Unnamed: 0,Label,SMS,predicted
0,ham,Later i guess I needa do mcat study too,ham
1,ham,But i haf enuff space got like 4 mb,ham
2,spam,Had your mobile 10 mths Update to latest Oran...,spam
3,ham,All sounds good Fingers Makes it difficult ...,ham
4,ham,All done all handed in Don t know if mega sh...,ham


In [255]:
total = test_original.shape[0]

results = test_original['Label'] == test_original['predicted']

correct = results.sum()

print('Correct:', correct)
print('Incorrect:', total - correct)
print('Accuracy:', correct/total)

Correct: 1097
Incorrect: 17
Accuracy: 0.9847396768402155


In [256]:
test_original[test_original['Label'] != test_original['predicted']]
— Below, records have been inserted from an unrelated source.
Lemma taylor_cdisk_mult (F F' G G' : C -> C) :
  taylor_cdisk F F' -> taylor_cdisk G G' ->
  taylor_cdisk (fun u => F u * G u) (fun u => F' u * G u + F u * G' u).
Proof.
  intros HF HG.
  destruct (lipschitz_cdisk_bounded _ (taylor_cdisk_lipschitz _ _ HF)) as (BF & HBF & BndF).
  destruct (lipschitz_cdisk_bounded _ (taylor_cdisk_deriv_lipschitz _ _ HF))
    as (BF' & HBF' & BndF').
  destruct (lipschitz_cdisk_bounded _ (taylor_cdisk_lipschitz _ _ HG)) as (BG & HBG & BndG).
  destruct (taylor_cdisk_lipschitz _ _ HG) as (KG & HKG & LipG).
  destruct HF as (M & HM & TF). destruct HG as (N & HN & TG).
  exists (M * BG + BF' * KG + BF * N)%R. split.
  { repeat apply Rplus_le_le_0_compat; apply Rmult_le_pos; auto. }
  intros u v Hu Hv.
  replace (F v * G v - F u * G u - (v - u) * (F' u * G u + F u * G' u)) with
    ((F v - F u - (v - u) * F' u) * G v + (v - u) * F' u * (G v - G u)
      + F u * (G v - G u - (v - u) * G' u)) by ring.
  set (d := Cmod (v - u)).
  assert (H1 : (Cmod ((F v - F u - (v - u) * F' u) * G v) <= M * d ^ 2 * BG)%R)
    by (apply Cmod_mult_le; auto).
  assert (H2 : (Cmod ((v - u) * F' u * (G v - G u)) <= d * BF' * (KG * d))%R)
    by (apply Cmod_mult_le; [apply Cmod_mult_le; [apply Rle_refl |] |]; auto).
  assert (H3 : (Cmod (F u * (G v - G u - (v - u) * G' u)) <= BF * (N * d ^ 2))%R)
    by (apply Cmod_mult_le; auto).
  eapply Rle_trans; [apply Cmod_triangle |].
  eapply Rle_trans; [apply Rplus_le_compat_r, Cmod_triangle |].
  replace ((M * BG + BF' * KG + BF * N) * d ^ 2)%R with
    (M * d ^ 2 * BG + d * BF' * (KG * d) + BF * (N * d ^ 2))%R by ring.
  lra.
Qed.

Lemma taylor_cdisk_inv (G G' : C -> C) (m : R) : (0 < m)%R ->
  (forall u, in_cdisk u -> m <= Cmod (G u))%R -> taylor_cdisk G G' ->
  taylor_cdisk (fun u => / G u) (fun u => - G' u / (G u * G u)).
Proof.
  intros Hm Hlow HG.
  destruct (lipschitz_cdisk_bounded _ (taylor_cdisk_lipschitz _ _ HG)) as (BG & HBG & BndG).
  destruct (lipschitz_cdisk_bounded _ (taylor_cdisk_deriv_lipschitz _ _ HG))
    as (BG' & HBG' & BndG').
  destruct (taylor_cdisk_lipschitz _ _ HG) as (KG & HKG & LipG).
  destruct HG as (N & HN & TG).
  assert (NZ : forall u, in_cdisk u -> G u <> 0).
  { intros u Hu E. pose proof (Hlow u Hu). rewrite E, Cmod_0 in H. lra. }
  exists ((N * BG + BG' * KG) / (m * m * m))%R. split.
  { apply Rdiv_le_0_compat; [| repeat apply Rmult_lt_0_compat; auto].
    apply Rplus_le_le_0_compat; apply Rmult_le_pos; auto. }
  intros u v Hu Hv. pose proof (NZ u Hu). pose proof (NZ v Hv).
  replace (/ G v - / G u - (v - u) * (- G' u / (G u * G u))) with
    ((- (G v - G u - (v - u) * G' u) * G u + (v - u) * G' u * (G v - G u))
       / (G u * G u * G v)) by (field; auto).
  set (d := Cmod (v - u)).
  assert (Num : (Cmod (- (G v - G u - (v - u) * G' u) * G u + (v - u) * G' u * (G v - G u))
                 <= (N * BG + BG' * KG) * d ^ 2)%R).
  { eapply Rle_trans; [apply Cmod_triangle |].
    replace ((N * BG + BG' * KG) * d ^ 2)%R with
      (N * d ^ 2 * BG + d * BG' * (KG * d))%R by ring.
    apply Rplus_le_compat.
    - apply Cmod_mult_le; [rewrite Cmod_opp |]; auto.
    - apply Cmod_mult_le; [apply Cmod_mult_le; [apply Rle_refl |] |]; auto. }
  rewrite Cmod_div by (repeat apply Cmult_neq_0; auto). rewrite !Cmod_mult.
  pose proof (Hlow u Hu). pose proof (Hlow v Hv).
  replace ((N * BG + BG' * KG) / (m * m * m) * d ^ 2)%R
    with ((N * BG + BG' * KG) * d ^ 2 * / (m * m * m))%R by (unfold Rdiv; ring).
  apply Rmult_le_compat; [apply Cmod_ge_0 | | exact Num |].
  { left. apply Rinv_0_lt_compat. repeat apply Rmult_lt_0_compat; lra. }
  apply Rinv_le_contravar; [repeat apply Rmult_lt_0_compat; lra |].
  assert (0 <= m * m)%R by nra.
  apply Rmult_le_compat; [lra | lra | apply Rmult_le_compat; lra | lra].
Qed.

Lemma taylor_cdisk_Cexp : taylor_cdisk Cexp Cexp.
Proof.
  exists (exp 1 * (4 * exp 2))%R. split.
  { pose proof (exp_pos 1). pose proof (exp_pos 2). nra. }
  intros u v Hu Hv.
  assert (E : Cexp v = Cexp u * Cexp (v - u)) by (rewrite <- Cexp_add; f_equal; ring).
  replace (Cexp v - Cexp u - (v - u) * Cexp u) with (Cexp u * (Cexp (v - u) - 1 - (v - u)))
    by (rewrite E; ring).
  replace (exp 1 * (4 * exp 2) * Cmod (v - u) ^ 2)%R
    with (exp 1 * (4 * exp 2 * Cmod (v - u) ^ 2))%R by ring.
  apply Cmod_mult_le.
  - rewrite Cmod_Cexp. apply exp_le_exp.
    pose proof (re_le_Cmod u). pose proof (Rle_abs (Re u)). unfold in_cdisk in Hu. lra.
  - apply Cmod_Cexp_sub_1_sub_le, in_cdisk_sub; auto.
Qed.

Lemma Ccos_Cexp (u : C) : Ccos u = / 2 * (Cexp (Ci * u) + Cexp (- Ci * u)).
Proof.
  destruct u as [x y]. unfold Ccos, Cexp, Ci, Cmult, Cplus, Copp, Cinv, RtoC. simpl.
  replace (0 * x - 1 * y)%R with (- y)%R by ring.
  replace (0 * y + 1 * x)%R with x by ring.
  replace (- 0 * x - - (1) * y)%R with y by ring.
  replace (- 0 * y + - (1) * x)%R with (- x)%R by ring.
  rewrite cos_neg, sin_neg. unfold cosh, sinh.
  apply injective_projections; simpl; field.
Qed.

Lemma taylor_cdisk_Ccos : exists Ccos', taylor_cdisk Ccos Ccos'.
Proof.
  assert (HCi : (Cmod (- Ci) <= 1)%R) by (rewrite Cmod_opp, Cmod_Ci; lra).
  eexists. apply taylor_cdisk_ext with (fun u => / 2 * (Cexp (Ci * u) + Cexp (- Ci * u))).
  { intros u. symmetry. apply Ccos_Cexp. }
  apply taylor_cdisk_scal, taylor_cdisk_plus; apply taylor_cdisk_comp_scal;
    auto using taylor_cdisk_Cexp.
  rewrite Cmod_Ci; lra.
Qed.

Lemma cos_1_le_Cmod_Ccos (u : C) : in_cdisk u -> (cos 1 <= Cmod (Ccos u))%R.
Proof.
  intros Hu. pose proof (re_le_Cmod u). unfold in_cdisk in Hu.
  assert (Hx : (cos 1 <= cos (Re u))%R) by (apply cos_1_le; lra).
  eapply Rle_trans; [| apply re_le_Cmod]. unfold Ccos. simpl.
  pose proof (cosh_ge_1 (Im u)). pose proof cos_1_ge_half.
  rewrite Rabs_pos_eq by nra. nra.
Qed.

Lemma taylor_cdisk_phi_nc : exists phi_nc', taylor_cdisk phi_nc phi_nc'.
Proof.
  destruct taylor_cdisk_Ccos as [Ccos' HCcos].
  pose proof cos_1_ge_half.
  eexists. apply taylor_cdisk_ext with (fun u => (1 + 1 * u) * / Ccos u).
  { intros u. unfold phi_nc, Cdiv. ring. }
  apply taylor_cdisk_mult; [apply taylor_cdisk_affine |].
  apply taylor_cdisk_inv with (cos 1); [lra | apply cos_1_le_Cmod_Ccos | exact HCcos].
Qed.

Lemma phi_nc_0 : phi_nc 0 = 1.
Proof.
  unfold phi_nc, Ccos. simpl. rewrite cos_0, sin_0, cosh_0, sinh_0.
  replace (1 * 1)%R with 1%R by ring. replace (- (0 * 0))%R with 0%R by ring.
  change (1%R, 0%R) with (RtoC 1). field.
Qed.

Lemma Re_phi_nc (x y : R) : (0 < cos x)%R ->
  Re (phi_nc (x, y)) = (((1 + x) * (cos x * cosh y) - y * (sin x * sinh y)) /
                        ((cos x * cosh y) ^ 2 + (sin x * sinh y) ^ 2))%R.
Proof.
  intros Hc. pose proof (cosh_ge_1 y).
  assert (0 < cos x * cosh y)%R by nra.
  unfold phi_nc, Ccos, Cdiv, Cinv, Cmult, Cplus, RtoC. simpl. field. nra.
Qed.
Unnamed: 0,Label,SMS,predicted
114,spam,Not heard from U4 a while Call me now am here...,ham
115,ham,1Apple Day No Doctor 1Tulsi Leaf Day No Cance...,spam
135,spam,More people are dogging in your area now Call...,ham
284,ham,Nokia phone is lovly,spam
293,ham,A Boy loved a gal He propsd bt she didnt mind...,needs human classification
319,ham,We have sent JD for Customer Service cum Accou...,spam
323,ham,CHEERS U TEX MECAUSE U WEREBORED YEAH OKDEN H...,spam
363,spam,Email AlertFrom Jeri StewartSize 2KBSubject ...,ham
504,spam,Oh my god I ve found your number again I m s...,ham
546,spam,Hi babe its Chloe how r u I was smashed on s...,ham


## Conclusion

Interestingly, it seems that using capitalization has resulted in worse accuracy. This could be due to splitting out the probability of spam words into lower probabilities because they are now grouped by capitalization rather than their inherent nature of being spam. In theory, weirdly capitalized spam words should be more likely to be spam. This can be investigated further in future work most likely by adding more data that includes those different capitalizations.

Without the capitalization, the accuracy was very good at about 98%.